Взяв мундштук кальяна в рот, Солнышкин представил, будто он курит. На лице появилась улыбка. Потом представил, как этот кальян курит Ксюша. Эта картинка ему понравилась больше. Тем более, что в своем воображении он переодел Ксюшу в прозрачную турецкую одежду.

Подходя к ресторану, Солнышкин заметил знакомого двухметрового мужика. Он стоял на другой стороне улицы и делал вид, что рассматривает птиц, улетавших стаями в теплые края.

В ресторане пахло мясом.
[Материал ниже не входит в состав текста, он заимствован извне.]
(* Let $(Q,\mathcal M)$ be a modulated quiver with $\mathcal M$ v-uniform, $I$ an admissible ideal of $T(Q,\mathcal M)$, $\Psi$ a complexification isomorphism and $J=\Psi(\mathbf e(I\otimes_{\mathbb R}\mathbb C)\mathbf e)$. Then a vertex $v$ of $Q$ is gentle in $(Q,R_I)$ if and only if every fiber of $v$ in $\Gamma$ is gentle in $(\Gamma,J)$.
   Context: Quivers $Q=(Q_0,Q_1,s,t)$ are finite; an arrow $\alpha$ goes from $s(\alpha)$ to $t(\alpha)$. Paths are written from right to left: a path of length $n\ge1$ is $p=\alpha_n\cdots\alpha_1$ with $t(\alpha_k)=s(\alpha_{k+1})$; each vertex $i$ has a trivial path $e_i$. For a division ring $D$, $DQ$ denotes the path algebra of $Q$ over $D$ (free left $D$-module on the paths, scalars commuting with paths, multiplication by concatenation). Let $\mathbb H=\{\begin{bmatrix}a&b\\-\bar b&\bar a\end{bmatrix}:a,b\in\mathbb C\}\subset M_2(\mathbb C)$ be the real quaternions. A modulation $\mathcal M$ of $Q$ assigns to each vertex $i$ a division ring $\mathcal M(i)\in\{\mathbb R,\mathbb C,\mathbb H\}$ and to each arrow $\alpha$ a simple $\mathcal M(t(\alpha))$-$\mathcal M(s(\alpha))$-bimodule $\mathcal M(\alpha)$ on which $\mathbb R$ acts centrally; $(Q,\mathcal M)$ is a modulated quiver. Up to isomorphism there is exactly one such simple bimodule for each pair of these division rings other than $(\mathbb C,\mathbb C)$, and for $(\mathbb C,\mathbb C)$ there are exactly two: $\mathbb C$ with action $a\cdot z\cdot b=azb$, and $\overline{\mathbb C}$, which is $\mathbb C$ as a set with action $a\cdot z\cdot b=az\bar b$. For a path $p=\alpha_n\cdots\alpha_1$ put $\mathcal M(p)=\mathcal M(\alpha_n)\otimes_{\mathcal M(s(\alpha_n))}\cdots\otimes_{\mathcal M(s(\alpha_2))}\mathcal M(\alpha_1)$, and $\mathcal M(e_i)=\mathcal M(i)$. The tensor algebra is $T(Q,\mathcal M)=\prod_{i\in Q_0}\mathcal M(i)\oplus\bigoplus_{p}\mathcal M(p)$ (sum over paths of length $\ge1$). An ideal $I$ of $T(Q,\mathcal M)$ is admissible if $A^m\subseteq I\subseteq A^2$ for some $m\ge2$, where $A$ is the ideal generated by $\bigoplus_{\alpha\in Q_1}\mathcal M(\alpha)$. $\mathcal M$ is v-uniform with $D\in\{\mathbb R,\mathbb C,\mathbb H\}$ if $\mathcal M(i)=D$ for all $i\in Q_0$. Then every $\mathcal M(\alpha)$ has underlying set $D$, and for a path $p$ we write $1_{\mathcal M(p)}=1\otimes\cdots\otimes1\in\mathcal M(p)$ ($1_{\mathcal M(e_i)}$ being the identity of $\mathcal M(i)$). For an ideal $I$ of $T(Q,\mathcal M)$ put $R_I=\{\sum_k d_kp_k\in DQ:\ \sum_k d_k1_{\mathcal M(p_k)}\in I\}$, an ideal of $DQ$. The quiver $\Gamma$ of $(Q,\mathcal M)$: each $i\in Q_0$ with $\mathcal M(i)\in\{\mathbb R,\mathbb H\}$ gives one vertex $i$ of $\Gamma$; each $i$ with $\mathcal M(i)=\mathbb C$ gives two vertices $i,\bar i$. Each arrow $\alpha:i\to j$ of $Q$ gives arrows of $\Gamma$ as follows: if $\mathcal M(i)=\mathcal M(j)\in\{\mathbb R,\mathbb H\}$, one arrow $\alpha:i\to j$; if $\mathcal M(i)=\mathbb C$ and $\mathcal M(j)\in\{\mathbb R,\mathbb H\}$, arrows $\alpha:i\to j$, $\bar\alpha:\bar i\to j$; if $\mathcal M(i)\in\{\mathbb R,\mathbb H\}$ and $\mathcal M(j)=\mathbb C$, arrows $\alpha:i\to j$, $\bar\alpha:i\to\bar j$; if $\{\mathcal M(i),\mathcal M(j)\}=\{\mathbb R,\mathbb H\}$, two arrows $\alpha,\bar\alpha:i\to j$; if $\mathcal M(i)=\mathcal M(j)=\mathbb C$ and $\mathcal M(\alpha)=\mathbb C$, arrows $\alpha:i\to j$, $\bar\alpha:\bar i\to\bar j$; if $\mathcal M(i)=\mathcal M(j)=\mathbb C$ and $\mathcal M(\alpha)=\overline{\mathbb C}$, arrows $\alpha:\bar i\to j$, $\bar\alpha:i\to\bar j$. The map $\pi:\Gamma\to Q$ sends $i,\bar i\mapsto i$ and $\alpha,\bar\alpha\mapsto\alpha$. A vertex or arrow $x$ of $\Gamma$ is a fiber of $\pi(x)$; a path $\beta_n\cdots\beta_1$ of $\Gamma$ is a fiber of the path $\pi(\beta_n)\cdots\pi(\beta_1)$ of $Q$, and the fibers of a trivial path $e_i$ are the trivial paths $e_{i'}$ with $i'$ a fiber of $i$. Identify $\mathbb R\otimes_{\mathbb R}\mathbb C=\mathbb C$, $\mathbb H\otimes_{\mathbb R}\mathbb C\cong M_2(\mathbb C)$ via $h\otimes c\mapsto ch$, and $\mathbb C\otimes_{\mathbb R}\mathbb C\cong\mathbb C\times\mathbb C$ via $a\otimes b\mapsto(ab,\bar ab)$. Let $\mathbf e=(\epsilon_i)_{i\in Q_0}\in\prod_i\mathcal M(i)\otimes_{\mathbb R}\mathbb C\subseteq T(Q,\mathcal M)\otimes_{\mathbb R}\mathbb C$, where $\epsilon_i=1$ if $\mathcal M(i)\in\{\mathbb R,\mathbb C\}$ and $\epsilon_i$ corresponds to the matrix unit $\begin{bmatrix}1&0\\0&0\end{bmatrix}$ if $\mathcal M(i)=\mathbb H$. A complexification isomorphism for $(Q,\mathcal M)$ is a $\mathbb C$-algebra isomorphism $\Psi:\mathbf e(T(Q,\mathcal M)\otimes_{\mathbb R}\mathbb C)\mathbf e\to\mathbb C\Gamma$ such that for every path $p$ of $Q$ (trivial or not), $\Psi(\mathbf e(\mathcal M(p)\otimes_{\mathbb R}\mathbb C)\mathbf e)=\bigoplus_q\mathbb Cq$, the sum over all fibers $q$ of $p$ in $\Gamma$; such isomorphisms exist. Gentle vertices. Let $k$ be a division ring, $Q$ a quiver and $R$ an ideal of $kQ$. A vertex $v$ is gentle in $(Q,R)$ if: (1) at most two arrows start at $v$ and at most two arrows end at $v$; (2) for all arrows $\alpha,\beta,\gamma$ with $\beta\ne\gamma$ and $t(\beta)=t(\gamma)=s(\alpha)=v$, exactly one of $\alpha\beta,\alpha\gamma$ belongs to $R$; (3) for all arrows $\alpha,\gamma,\beta$ with $\alpha\ne\gamma$ and $s(\alpha)=s(\gamma)=t(\beta)=v$, exactly one of $\alpha\beta,\gamma\beta$ belongs to $R$. *)

From HB Require Import structures.
From mathcomp Require Import all_boot all_order all_algebra.
From mathcomp Require Import Rstruct complex.
(* Let $N\ge 3$ and consider the complete graph $K_N$ as a PIR system with file length $L=2^{N-1}$, and the following scheme. Suppose the desired file is $W_{i,i'}$. Let $\Omega=\{P\subseteq[N]: |P\cap\{i,i'\}|=1\}$ (so $|\Omega|=L$), and let the user choose a bijection $\pi:\Omega\to[L]$ uniformly at random. For each server $j$ the user builds a bijection $\sigma_j$ from the family of all subsets of $N(j)=[N]\setminus\{j\}$ onto $[L]$ as follows: if $j\notin\{i,i'\}$, set $\sigma_j(P\setminus\{j\})=\pi(P)$ for every $P\in\Omega$ with $j\in P$; if $a\in\{i,i'\}$ and $\bar a$ denotes the other element of $\{i,i'\}$, set $\sigma_a(\{\bar a\}\cup(P\setminus\{a\}))=\pi(P)$ for every $P\in\Omega$ with $a\in P$; in both cases, the remaining values are assigned so that $\sigma_j$ becomes a bijection, uniformly at random among such completions. The query to server $j$ is $\sigma_j$. Server $j$ answers with the $L-1$ bits \[ b^j_P=\bigoplus_{v\in P}(W_{j,v})_{\sigma_j(P)},\qquad \emptyset\ne P\subseteq N(j), \] where $(W)_l$ is the $l$-th bit of $W$. Then this scheme is a PIR scheme (reliable and private) with rate $\frac{2^{N-1}}{2^{N-1}-1}\cdot\frac{1}{N}$.
   Context: Graph-based PIR model on the complete graph $K_N$: servers $1,\dots,N$; for each pair of distinct servers $j,v$ there is exactly one file $W_{j,v}=W_{v,j}$, stored on servers $j$ and $v$; files are independent, each uniform on $\mathbb{F}_2^L$. A user wants one file, whose index $\theta$ is uniform and independent of the files; it sends a query to each server, and each server answers with a deterministic function of its query and the files it stores. Reliability: the desired file is determined by all answers and queries. Privacy: for each server $j$, $H(\theta\mid Q_j,W_{S_j})=H(\theta)$, where $Q_j$ is the query to server $j$ and $W_{S_j}$ the files it stores. The rate is $L$ divided by the total number of answer bits (here, the sum of the entropies $H(A_j)$). *)

From HB Require Import structures.
From mathcomp Require Import all_boot all_order all_algebra.
From mathcomp Require Import reals exp.
Set Implicit Arguments. Unset Strict Implicit. Unset Printing Implicit Defensive.
Import Order.TTheory GRing.Theory Num.Theory.
Local Open Scope ring_scope.

Definition Lf (N : nat) : nat := (2 ^ (N - 1))%N.

(* File indices: edges of K_N = 2-element subsets {j,v} of the servers 'I_N. *)
Definition Pair (N : nat) := {e : {set 'I_N} | #|e| == 2%N}.

Definition Bits (N : nat) := {ffun 'I_(Lf N) -> bool}.
Definition Files (N : nat) := {ffun Pair N -> Bits N}.

(* A partial labelling of subsets of [N] by [L]; [None] = outside the domain.
   Used both for pi (domain Omega) and for sigma_j (domain = subsets of N(j)). *)
Definition Lab (N : nat) := {ffun {set 'I_N} -> option 'I_(Lf N)}.

(* The randomness of the whole experiment:
   (desired index theta, files W, bijection pi, family of queries sigma_j). *)
Definition Outcome (N : nat) :=
  (Pair N * Files N * Lab N * {ffun 'I_N -> Lab N})%type.

Definition theta N (w : Outcome N) : Pair N := w.1.1.1.
Definition files N (w : Outcome N) : Files N := w.1.1.2.
Definition piOf N (w : Outcome N) : Lab N := w.1.2.
Definition sigmaOf N (w : Outcome N) : {ffun 'I_N -> Lab N} := w.2.

Definition Omega N (th : Pair N) : {set {set 'I_N}} :=
  [set P : {set 'I_N} | #|P :&: val th| == 1%N].

Definition bij_on N (D : pred {set 'I_N}) (p : Lab N) : bool :=
  [&& [forall P, (p P == None) == ~~ D P],
      [forall l : 'I_(Lf N), [exists P, p P == Some l]] &
      [forall P, forall P', (p P != None) ==> (p P == p P') ==> (P == P')]].

Definition pi_ok N (th : Pair N) (p : Lab N) : bool :=
  bij_on (fun P => P \in Omega th) p.

(* The set sigma_j is forced to take the value pi(P) on:
   P \ {j}                 if j \notin {i,i'},
   {abar} cup (P \ {a})    if j = a \in {i,i'}  (abar the other element),
   i.e. (P \ {a}) cup ({i,i'} \ {a}). *)
Definition forced_set N (th : Pair N) (j : 'I_N) (P : {set 'I_N}) : {set 'I_N} :=
  if j \in val th then (P :\ j) :|: (val th :\ j) else P :\ j.

Definition sigma_ok N (th : Pair N) (p : Lab N) (j : 'I_N) (s : Lab N) : bool :=
  bij_on (fun S => j \notin S) s &&
  [forall P, ((P \in Omega th) && (j \in P)) ==> (s (forced_set th j P) == p P)].

(* The joint probability mass function of the experiment:
   theta uniform, files uniform and independent of theta, pi uniform among
   bijections Omega -> [L], and, given theta and pi, each sigma_j uniform
   (independently) among the bijections completing the forced values. *)
Definition mu (R : realType) N (w : Outcome N) : R :=
  let: (th, W, p, s) := w in
  (#|{: Pair N}|%:R)^-1 * (#|{: Files N}|%:R)^-1 *
  ((pi_ok th p)%:R / #|[pred q | pi_ok th q]|%:R) *
  \prod_(j < N) ((sigma_ok th p j (s j))%:R / #|[pred t | sigma_ok th p j t]|%:R).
Геня и Тарас обслуживали клиентов.

Усевшись на свое рабочее место, Солнышкин уставился огорченным взглядом на папку с надписью «Зубное дело». Папка оставалась практически пустой. Да и в себе самом Солнышкин не ощущал никакого рвения, никакого азарта собаки-ищейки, бегущей по следу. Может, не его это дело – расследовать преступления?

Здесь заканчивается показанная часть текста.